Task goal: Once you find the line containing "forall o : outcome", please retype it and every line after it to the end of the entries, exactly and with nothing added.

====== Data for review ======

(* Consider the directed $(m,h)$-CCN with a $1$-node passive adversary. In each of the following cases there is a protocol satisfying decodability and secrecy that achieves secrecy rate exactly $\frac{(h-1)^2}{h}$ (hence matching the outer bound $\frac{(h-1)^2}{h}$): (i) $h=2$ and any $m\ge 3$ (rate $\tfrac12$); (ii) $m=h+1$ for any $h\ge 2$; (iii) $h=3$ and $m\in\{4,5,6\}$ (rate $\tfrac43$).
   Context: Network model: a graph with unit-capacity edges; each use of an edge carries one symbol of a finite field $\mathbb{F}$, and entropies are measured in units of $\log|\mathbb{F}|$. A single source $S$ holds a message $\mathcal{W}$ to be multicast to a set of receivers. Each node may use its own private randomness; nodes share no prior common randomness and no side channel. An $N$-round protocol: in each round every edge is used at most once. Decodability: every receiver recovers $\mathcal{W}$ with zero error. Secrecy: $H(\mathcal{W}\mid \mathcal{V}_{\mathcal{A}})=H(\mathcal{W})$, where $\mathcal{V}_{\mathcal{A}}$ is the adversary's view over the whole protocol. The secrecy rate is $H(\mathcal{W})/N$; a rate is achievable if some protocol attains it. A $1$-node passive adversary may choose any single node other than the source and the receivers and observes all values delivered to that node; secrecy must hold for every such choice. Directed $(m,h)$-CCN ($m\ge h$): nodes $S$, $S_1,\dots,S_h$, $A_1,\dots,A_m$, $B_1,\dots,B_m$, and $\binom{m}{h}$ receivers, one per $h$-subset of $\{B_1,\dots,B_m\}$. Directed edges: $S\to S_i$ ($1\le i\le h$); $S_i\to A_i$ ($1\le i\le h$); $S_i\to A_j$ for all $1\le i\le h$, $h<j\le m$; $A_j\to B_j$ ($1\le j\le m$); $B_j\to R$ whenever $B_j$ is in the $h$-subset of receiver $R$. *)

From Stdlib Require Import Reals.
From HB Require Import structures.
From mathcomp Require Import all_boot all_algebra.

Set Implicit Arguments.
Unset Strict Implicit.
Unset Printing Implicit Defensive.

Definition is_distr (T : finType) (p : T -> R) : Prop :=
  (forall x, Rle R0 (p x)) /\ \big[Rplus/R0]_(x : T) p x = R1.

Definition law (Om T : finType) (p : Om -> R) (X : Om -> T) (x : T) : R :=
  \big[Rplus/R0]_(o : Om | X o == x) p o.

Definition logb (q : nat) (x : R) : R := Rdiv (ln x) (ln (INR q)).

(* Shannon entropy H(X) in units of log q (convention 0 log 0 = 0). *)
Definition entropy (q : nat) (Om T : finType) (p : Om -> R) (X : Om -> T) : R :=
  Ropp (\big[Rplus/R0]_(x : T) Rmult (law p X x) (logb q (law p X x))).

Definition cond_entropy (q : nat) (Om T U : finType) (p : Om -> R)
  (X : Om -> T) (Y : Om -> U) : R :=
  Rminus (entropy q p (fun o => (X o, Y o))) (entropy q p Y).

(* Protocols on a directed graph (V, adj) with unit-capacity edges.
   An outcome is a pair (w, r) of the message w and the family r of
   private randomness of all nodes; the joint law is the product of the
   message law pW and the independent node laws pR v.
   A run of an N-round protocol is described by its transcript
   X o u v t : F = symbol carried by edge u -> v in round t on outcome o. *)

Definition outcome (Msg Rnd V : finType) := (Msg * {ffun V -> Rnd})%type.

Definition oprob (Msg Rnd V : finType) (pW : Msg -> R) (pR : V -> Rnd -> R)
  (o : outcome Msg Rnd V) : R :=
  Rmult (pW o.1) (\big[Rmult/R1]_(v : V) pR v (o.2 v)).

Definition causal (V : finType) (adj : rel V) (src : V) (Msg Rnd F : Type)
  (N : nat) (X : Msg * {ffun V -> Rnd} -> V -> V -> 'I_N -> F) : Prop :=
  forall (u v : V) (t : 'I_N) (o o' : Msg * {ffun V -> Rnd}),
    adj u v ->
    o.2 u = o'.2 u ->
    (u = src -> o.1 = o'.1) ->
    (forall (u' : V) (t' : 'I_N), adj u' u -> (t' <= t)%N ->
        X o u' u t' = X o' u' u t') ->
    X o u v t = X o' u v t.

Definition view (V : finType) (adj : rel V) (Msg Rnd F : Type) (N : nat)
  (X : Msg * {ffun V -> Rnd} -> V -> V -> 'I_N -> F) (v : V)
  (o : Msg * {ffun V -> Rnd}) : {ffun V * 'I_N -> option F} :=
  [ffun p : V * 'I_N => if adj p.1 v then Some (X o p.1 v p.2) else None].

Definition secure_rate_achievable (V : finType) (adj : rel V) (src : V)
  (isRcv isAdv : pred V) (rate : R) : Prop :=
  exists (F : finFieldType) (N : nat) (Msg Rnd : finType)
         (pW : Msg -> R) (pR : V -> Rnd -> R)
         (X : Msg * {ffun V -> Rnd} -> V -> V -> 'I_N -> F),
    let p := oprob pW pR in
    let W := fun o : outcome Msg Rnd V => o.1 in
    (0 < N)%N /\
        is_distr pW /\ (forall v, is_distr (pR v)) /\
        causal adj src X /\
        (forall v, isRcv v ->
           exists dec : Rnd -> {ffun V * 'I_N -> option F} -> Msg,
             forall o : outcome Msg Rnd V, Rlt R0 (p o) ->
               dec (o.2 v) (view adj X v o) = o.1) /\
        (forall a, isAdv a ->
           cond_entropy #|F| p W (view adj X a) = entropy #|F| p W) /\
        Rdiv (entropy #|F| p W) (INR N) = rate.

======

Solution:
             forall o : outcome Msg Rnd V, Rlt R0 (p o) ->
               dec (o.2 v) (view adj X v o) = o.1) /\
        (forall a, isAdv a ->
           cond_entropy #|F| p W (view adj X a) = entropy #|F| p W) /\
        Rdiv (entropy #|F| p W) (INR N) = rate.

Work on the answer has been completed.